Python toolkit for modular and traceable LC-MS/MS proteomics analysis based on MuData

Overview

msmu is an open-source Python package for modular and traceable post-DB search preprocessing and statistical analysis of bottom-up proteomics data.

It supports modules for every step of end-to-end processing—from search output parsing through hierarchical summarization, normalization, batch correction, statistical analysis, and visualization—implemented with commonly used analytical and statistical methods.

Central to msmu is the highly versatile and standardized MuData (and AnnData) as a unifying, provenance-aware data container for organizing and storing annotations and representations of multi-dimensional MS data and processing history.

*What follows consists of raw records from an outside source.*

Lemma cons_countE (A : structure s) (K : eqType) (q : cons A -> K) a l j :
  (cons_count q a l j)%:R = \sum_x Ml l a x * (q x == j)%:R.
Proof.
rewrite /cons_count card_set_sum natr_sum; apply: eq_bigr => x _.
by rewrite /Ml -natrM mulnb andbC.
Qed.

Lemma elt_countE (A : structure s) (K : eqType) (p : univ A -> K) x l i :
  (elt_count p x l i)%:R = \sum_a Ml l a x * (p a == i)%:R.
Proof.
rewrite /elt_count card_set_sum natr_sum; apply: eq_bigr => a _.
by rewrite /Ml -natrM mulnb andbC.
Qed.

Lemma equitable_double_count (A : structure s) n m (p : univ A -> 'I_n)
    (q : cons A -> 'I_m) c d :
  equitable_with p q c d ->
  forall l i j, (#|[set a | p a == i]| * c l i j = #|[set x | q x == j]| * d l j i)%N.
Proof.
case=> cE dE l i j; rewrite -!sum_nat_cond_const.
transitivity (\sum_(a | p a == i) \sum_(x | q x == j) (Mlab a x == l) : nat)%N.
  by apply: eq_bigr => a /eqP pa; rewrite -(cE l i j a pa) card_set_condE.
rewrite exchange_big; apply: eq_bigr => x /eqP qx.
by rewrite -(dE l i j x qx) card_set_condE.
Qed.

Lemma cond3_of_keys (A B : structure s) (KP KQ : eqType)
    (pA : univ A -> KP) (qA : cons A -> KQ) (pB : univ B -> KP) (qB : cons B -> KQ) :
  eq_fibre_card pA pB -> eq_fibre_card qA qB ->
  (forall a b, pA a = pB b -> forall l j, cons_count qA a l j = cons_count qB b l j) ->
  (forall x y, qA x = qB y -> forall l i, elt_count pA x l i = elt_count pB y l i) ->
  cond3 A B.
Proof.
move=> fibP fibQ crossP crossQ.
have [n [keyP [pA' [pB' [pAE pBE sA sB]]]]] := ord_keys fibP.
have [m [keyQ [qA' [qB' [qAE qBE sqA sqB]]]]] := ord_keys fibQ.
have [repP repPE] := fin_all_exists sA; have [repQ repQE] := fin_all_exists sqA.
have keyPE a : pA a = keyP (pA' a) by apply/eqP; rewrite -pAE.
have keyQE x : qA x = keyQ (qA' x) by apply/eqP; rewrite -qAE.
have withinP a a' : pA a = pA a' -> forall l j, cons_count qA a l j = cons_count qA a' l j.
  move=> aa' l j; have [b pb] := fibre_hit fibP a.
  by rewrite (crossP a b (esym pb)) (crossP a' b) // pb aa'.
have withinQ x x' : qA x = qA x' -> forall l i, elt_count pA x l i = elt_count pA x' l i.
  move=> xx' l i; have [y qy] := fibre_hit fibQ x.
  by rewrite (crossQ x y (esym qy)) (crossQ x' y) // qy xx'.
pose c l i j := cons_count qA (repP i) l (keyQ j).
pose d l j i := elt_count pA (repQ j) l (keyP i).
exists n, m, pA', qA', pB', qB', c, d; do 4 split=> //.
split; [split=> l i j | split; [split=> l i j | split=> [i|j]]].
- move=> a <-; transitivity (cons_count qA a l (keyQ j)).
    by apply: eq_card => x; rewrite !inE qAE.
  by apply: withinP; rewrite !keyPE repPE.
- move=> x <-; transitivity (elt_count pA x l (keyP i)).
    by apply: eq_card => a; rewrite !inE pAE.
  by apply: withinQ; rewrite !keyQE repQE.
- move=> b /eqP; rewrite pBE => /eqP pb; transitivity (cons_count qB b l (keyQ j)).
    by apply: eq_card => y; rewrite !inE qBE.
  by rewrite /c -(crossP (repP i) b) // keyPE repPE pb.
- move=> y /eqP; rewrite qBE => /eqP qy; transitivity (elt_count pB y l (keyP i)).
    by apply: eq_card => b; rewrite !inE pBE.
  by rewrite /d -(crossQ (repQ j) y) // keyQE repQE qy.
- rewrite (eq_card (B := [set a | pA a == keyP i])) ?fibP; last by move=> a; rewrite !inE pAE.
  by apply: eq_card => b; rewrite !inE pBE.
- rewrite (eq_card (B := [set x | qA x == keyQ j])) ?fibQ; last by move=> x; rewrite !inE qAE.
  by apply: eq_card => y; rewrite !inE qBE.
Qed.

This unique marriage between flexible processing pipeline and MuData empowers FAIR principle-aligned downstream analysis for biomarker discovery and systems biology.

MuData logo

Key Features

  • Flexible data ingestion from Sage, DIA-NN, and other popular DB search tools
  • MuData/AnnData-compatible object structure for organizing multi-level MS data
  • Protein inference: infer protein groups from peptide evidence using parsimony rule
  • Normalization: median centering, quantile normalization, etc.
  • Batch correction for discrete and continuous variations
  • Built-in QC: identification count, peptide length, charge, missed cleavage, intensity distribution, etc.
  • Statistical analysis: differential expression analysis, dimensionality reduction
  • PTM data support and stoichiometry adjustment with matched global dataset (if available)
  • Visualization: PCA, UMAP, volcano plots, heatmaps, QC metrics

Supporting DB Search Tools

Citation

If you use msmu in your research, please cite the following publication (preprint):

msmu: a Python toolkit for modular and traceable LC-MS proteomics data analysis based on MuData

Hyung-Wook Choi, Byeongchan Lee, Un-Beom Kang, Sunghyun Huh

bioRxiv 2026.01.07.698308; doi: 10.64898/2026.01.07.698308

License

BSD 3-Clause License. See LICENSE for details.